■ Exercise aim
Only one stretch of the records below should be repeated. It starts with the line containing "(M : 'M[R]_p) : Prop" and goes on through the line containing "product given by", exactly as written.

■ Data for processing
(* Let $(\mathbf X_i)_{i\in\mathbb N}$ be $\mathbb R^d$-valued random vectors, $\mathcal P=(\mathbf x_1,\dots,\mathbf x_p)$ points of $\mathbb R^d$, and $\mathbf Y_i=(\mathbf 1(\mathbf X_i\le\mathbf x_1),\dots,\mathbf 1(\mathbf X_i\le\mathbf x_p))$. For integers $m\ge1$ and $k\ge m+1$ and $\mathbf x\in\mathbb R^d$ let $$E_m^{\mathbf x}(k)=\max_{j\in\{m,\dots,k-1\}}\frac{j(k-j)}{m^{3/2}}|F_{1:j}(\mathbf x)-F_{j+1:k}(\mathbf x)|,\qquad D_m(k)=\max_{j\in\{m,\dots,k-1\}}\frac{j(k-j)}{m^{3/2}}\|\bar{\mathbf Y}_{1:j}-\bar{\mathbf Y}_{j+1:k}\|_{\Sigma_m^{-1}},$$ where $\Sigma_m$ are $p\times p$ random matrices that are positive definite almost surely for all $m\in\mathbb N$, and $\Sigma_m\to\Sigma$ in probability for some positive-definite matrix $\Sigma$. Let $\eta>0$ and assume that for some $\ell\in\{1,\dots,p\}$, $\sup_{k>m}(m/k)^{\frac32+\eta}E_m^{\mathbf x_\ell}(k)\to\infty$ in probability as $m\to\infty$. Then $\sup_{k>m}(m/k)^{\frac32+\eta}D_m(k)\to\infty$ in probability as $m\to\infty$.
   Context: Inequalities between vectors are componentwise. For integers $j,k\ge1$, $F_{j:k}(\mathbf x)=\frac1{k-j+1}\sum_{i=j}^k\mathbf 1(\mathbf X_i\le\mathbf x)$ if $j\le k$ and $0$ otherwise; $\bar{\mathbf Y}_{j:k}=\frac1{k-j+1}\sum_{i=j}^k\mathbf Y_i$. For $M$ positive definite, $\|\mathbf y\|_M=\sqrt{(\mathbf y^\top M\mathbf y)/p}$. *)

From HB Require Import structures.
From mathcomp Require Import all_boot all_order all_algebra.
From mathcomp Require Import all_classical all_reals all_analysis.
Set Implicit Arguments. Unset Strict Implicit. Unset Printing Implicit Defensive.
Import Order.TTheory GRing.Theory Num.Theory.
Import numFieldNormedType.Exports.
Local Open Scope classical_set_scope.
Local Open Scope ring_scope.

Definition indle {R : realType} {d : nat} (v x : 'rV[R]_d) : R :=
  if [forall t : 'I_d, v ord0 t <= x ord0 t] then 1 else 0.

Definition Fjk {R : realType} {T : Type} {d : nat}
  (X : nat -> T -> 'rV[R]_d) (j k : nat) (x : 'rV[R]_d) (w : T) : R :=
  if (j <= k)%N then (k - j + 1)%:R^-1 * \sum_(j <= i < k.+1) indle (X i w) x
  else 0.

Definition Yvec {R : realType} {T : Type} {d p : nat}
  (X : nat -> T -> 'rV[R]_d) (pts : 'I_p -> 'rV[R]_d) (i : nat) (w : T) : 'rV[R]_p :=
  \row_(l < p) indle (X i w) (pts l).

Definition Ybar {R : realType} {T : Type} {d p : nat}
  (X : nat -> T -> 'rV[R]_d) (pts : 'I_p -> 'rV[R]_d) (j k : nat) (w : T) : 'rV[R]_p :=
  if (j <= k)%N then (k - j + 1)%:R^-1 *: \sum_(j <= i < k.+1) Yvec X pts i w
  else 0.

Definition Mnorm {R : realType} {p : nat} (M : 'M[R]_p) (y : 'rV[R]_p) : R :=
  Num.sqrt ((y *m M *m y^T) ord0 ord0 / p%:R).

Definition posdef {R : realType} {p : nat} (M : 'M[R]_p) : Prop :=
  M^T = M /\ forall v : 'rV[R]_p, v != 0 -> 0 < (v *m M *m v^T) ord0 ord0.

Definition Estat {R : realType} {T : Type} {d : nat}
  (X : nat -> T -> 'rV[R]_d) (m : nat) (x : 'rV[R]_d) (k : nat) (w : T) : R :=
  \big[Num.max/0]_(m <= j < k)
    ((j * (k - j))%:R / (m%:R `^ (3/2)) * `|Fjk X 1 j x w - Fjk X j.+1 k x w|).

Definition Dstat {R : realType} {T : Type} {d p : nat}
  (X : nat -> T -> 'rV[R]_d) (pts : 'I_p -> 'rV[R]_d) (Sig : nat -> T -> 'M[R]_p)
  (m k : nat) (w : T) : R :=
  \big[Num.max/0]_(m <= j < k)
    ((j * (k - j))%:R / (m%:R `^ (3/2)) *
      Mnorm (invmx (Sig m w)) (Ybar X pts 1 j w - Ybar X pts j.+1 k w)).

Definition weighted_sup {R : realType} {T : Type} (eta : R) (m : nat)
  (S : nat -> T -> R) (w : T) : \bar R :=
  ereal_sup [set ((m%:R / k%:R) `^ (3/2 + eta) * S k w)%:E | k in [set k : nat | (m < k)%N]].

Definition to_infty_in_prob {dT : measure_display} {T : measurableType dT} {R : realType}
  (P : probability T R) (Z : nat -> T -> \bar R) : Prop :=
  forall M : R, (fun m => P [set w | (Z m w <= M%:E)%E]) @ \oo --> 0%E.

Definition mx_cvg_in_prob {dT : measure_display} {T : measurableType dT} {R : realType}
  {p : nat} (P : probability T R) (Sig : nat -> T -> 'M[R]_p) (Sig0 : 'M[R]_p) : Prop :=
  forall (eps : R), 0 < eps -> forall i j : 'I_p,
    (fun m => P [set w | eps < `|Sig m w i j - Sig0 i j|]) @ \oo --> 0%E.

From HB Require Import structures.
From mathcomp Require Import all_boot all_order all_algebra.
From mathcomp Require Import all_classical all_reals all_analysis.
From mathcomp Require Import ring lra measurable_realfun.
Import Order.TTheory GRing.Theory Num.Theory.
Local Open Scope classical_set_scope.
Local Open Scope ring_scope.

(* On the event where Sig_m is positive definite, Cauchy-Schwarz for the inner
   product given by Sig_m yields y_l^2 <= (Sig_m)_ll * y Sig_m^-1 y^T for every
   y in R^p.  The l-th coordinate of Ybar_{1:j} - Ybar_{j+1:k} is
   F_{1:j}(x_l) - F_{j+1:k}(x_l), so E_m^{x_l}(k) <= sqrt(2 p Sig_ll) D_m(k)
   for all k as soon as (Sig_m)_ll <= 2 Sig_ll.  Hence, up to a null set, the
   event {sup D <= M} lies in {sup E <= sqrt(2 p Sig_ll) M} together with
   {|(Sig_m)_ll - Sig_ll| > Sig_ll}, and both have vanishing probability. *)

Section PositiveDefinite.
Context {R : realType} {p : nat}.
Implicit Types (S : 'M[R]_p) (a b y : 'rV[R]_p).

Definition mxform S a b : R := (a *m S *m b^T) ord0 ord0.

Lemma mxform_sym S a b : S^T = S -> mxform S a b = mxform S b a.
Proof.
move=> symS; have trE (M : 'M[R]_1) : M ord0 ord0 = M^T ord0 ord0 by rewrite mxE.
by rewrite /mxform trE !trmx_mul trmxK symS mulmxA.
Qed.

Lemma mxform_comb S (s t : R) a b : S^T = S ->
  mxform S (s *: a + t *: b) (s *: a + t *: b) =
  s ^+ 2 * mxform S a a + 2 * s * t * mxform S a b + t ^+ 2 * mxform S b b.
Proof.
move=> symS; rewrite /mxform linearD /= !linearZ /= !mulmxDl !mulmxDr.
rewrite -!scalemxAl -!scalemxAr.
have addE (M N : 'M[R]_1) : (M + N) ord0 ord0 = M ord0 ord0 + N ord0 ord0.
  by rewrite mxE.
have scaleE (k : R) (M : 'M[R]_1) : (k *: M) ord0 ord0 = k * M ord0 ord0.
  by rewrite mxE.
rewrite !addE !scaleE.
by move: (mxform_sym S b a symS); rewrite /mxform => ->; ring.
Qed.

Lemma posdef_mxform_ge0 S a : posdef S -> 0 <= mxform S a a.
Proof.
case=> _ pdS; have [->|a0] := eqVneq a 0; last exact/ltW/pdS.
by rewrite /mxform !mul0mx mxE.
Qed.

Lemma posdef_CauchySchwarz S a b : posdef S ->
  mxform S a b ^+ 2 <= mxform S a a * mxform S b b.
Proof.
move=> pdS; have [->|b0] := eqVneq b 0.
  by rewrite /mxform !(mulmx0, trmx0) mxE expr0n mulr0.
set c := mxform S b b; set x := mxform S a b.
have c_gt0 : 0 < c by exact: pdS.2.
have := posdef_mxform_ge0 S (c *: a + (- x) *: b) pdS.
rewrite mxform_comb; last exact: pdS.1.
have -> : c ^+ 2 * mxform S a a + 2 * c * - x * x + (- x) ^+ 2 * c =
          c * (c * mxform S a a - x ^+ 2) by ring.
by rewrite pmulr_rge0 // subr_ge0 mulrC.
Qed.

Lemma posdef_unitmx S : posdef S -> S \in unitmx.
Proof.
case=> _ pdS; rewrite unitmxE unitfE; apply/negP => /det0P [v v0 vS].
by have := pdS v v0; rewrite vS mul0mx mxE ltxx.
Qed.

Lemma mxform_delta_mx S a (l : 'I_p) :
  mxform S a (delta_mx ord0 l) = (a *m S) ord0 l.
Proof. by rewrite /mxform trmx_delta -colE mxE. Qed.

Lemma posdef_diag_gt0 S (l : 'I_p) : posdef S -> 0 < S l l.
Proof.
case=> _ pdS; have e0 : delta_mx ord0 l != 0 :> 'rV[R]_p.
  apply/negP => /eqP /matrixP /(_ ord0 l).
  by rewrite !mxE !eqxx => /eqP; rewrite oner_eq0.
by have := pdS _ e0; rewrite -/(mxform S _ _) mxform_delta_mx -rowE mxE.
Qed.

■ The answer
Definition posdef {R : realType} {p : nat} (M : 'M[R]_p) : Prop :=
  M^T = M /\ forall v : 'rV[R]_p, v != 0 -> 0 < (v *m M *m v^T) ord0 ord0.

Definition Estat {R : realType} {T : Type} {d : nat}
  (X : nat -> T -> 'rV[R]_d) (m : nat) (x : 'rV[R]_d) (k : nat) (w : T) : R :=
  \big[Num.max/0]_(m <= j < k)
    ((j * (k - j))%:R / (m%:R `^ (3/2)) * `|Fjk X 1 j x w - Fjk X j.+1 k x w|).

Definition Dstat {R : realType} {T : Type} {d p : nat}
  (X : nat -> T -> 'rV[R]_d) (pts : 'I_p -> 'rV[R]_d) (Sig : nat -> T -> 'M[R]_p)
  (m k : nat) (w : T) : R :=
  \big[Num.max/0]_(m <= j < k)
    ((j * (k - j))%:R / (m%:R `^ (3/2)) *
      Mnorm (invmx (Sig m w)) (Ybar X pts 1 j w - Ybar X pts j.+1 k w)).

Definition weighted_sup {R : realType} {T : Type} (eta : R) (m : nat)
  (S : nat -> T -> R) (w : T) : \bar R :=
  ereal_sup [set ((m%:R / k%:R) `^ (3/2 + eta) * S k w)%:E | k in [set k : nat | (m < k)%N]].

Definition to_infty_in_prob {dT : measure_display} {T : measurableType dT} {R : realType}
  (P : probability T R) (Z : nat -> T -> \bar R) : Prop :=
  forall M : R, (fun m => P [set w | (Z m w <= M%:E)%E]) @ \oo --> 0%E.

Definition mx_cvg_in_prob {dT : measure_display} {T : measurableType dT} {R : realType}
  {p : nat} (P : probability T R) (Sig : nat -> T -> 'M[R]_p) (Sig0 : 'M[R]_p) : Prop :=
  forall (eps : R), 0 < eps -> forall i j : 'I_p,
    (fun m => P [set w | eps < `|Sig m w i j - Sig0 i j|]) @ \oo --> 0%E.

From HB Require Import structures.
From mathcomp Require Import all_boot all_order all_algebra.
From mathcomp Require Import all_classical all_reals all_analysis.
From mathcomp Require Import ring lra measurable_realfun.
Import Order.TTheory GRing.Theory Num.Theory.
Local Open Scope classical_set_scope.
Local Open Scope ring_scope.

(* On the event where Sig_m is positive definite, Cauchy-Schwarz for the inner
   product given by Sig_m yields y_l^2 <= (Sig_m)_ll * y Sig_m^-1 y^T for every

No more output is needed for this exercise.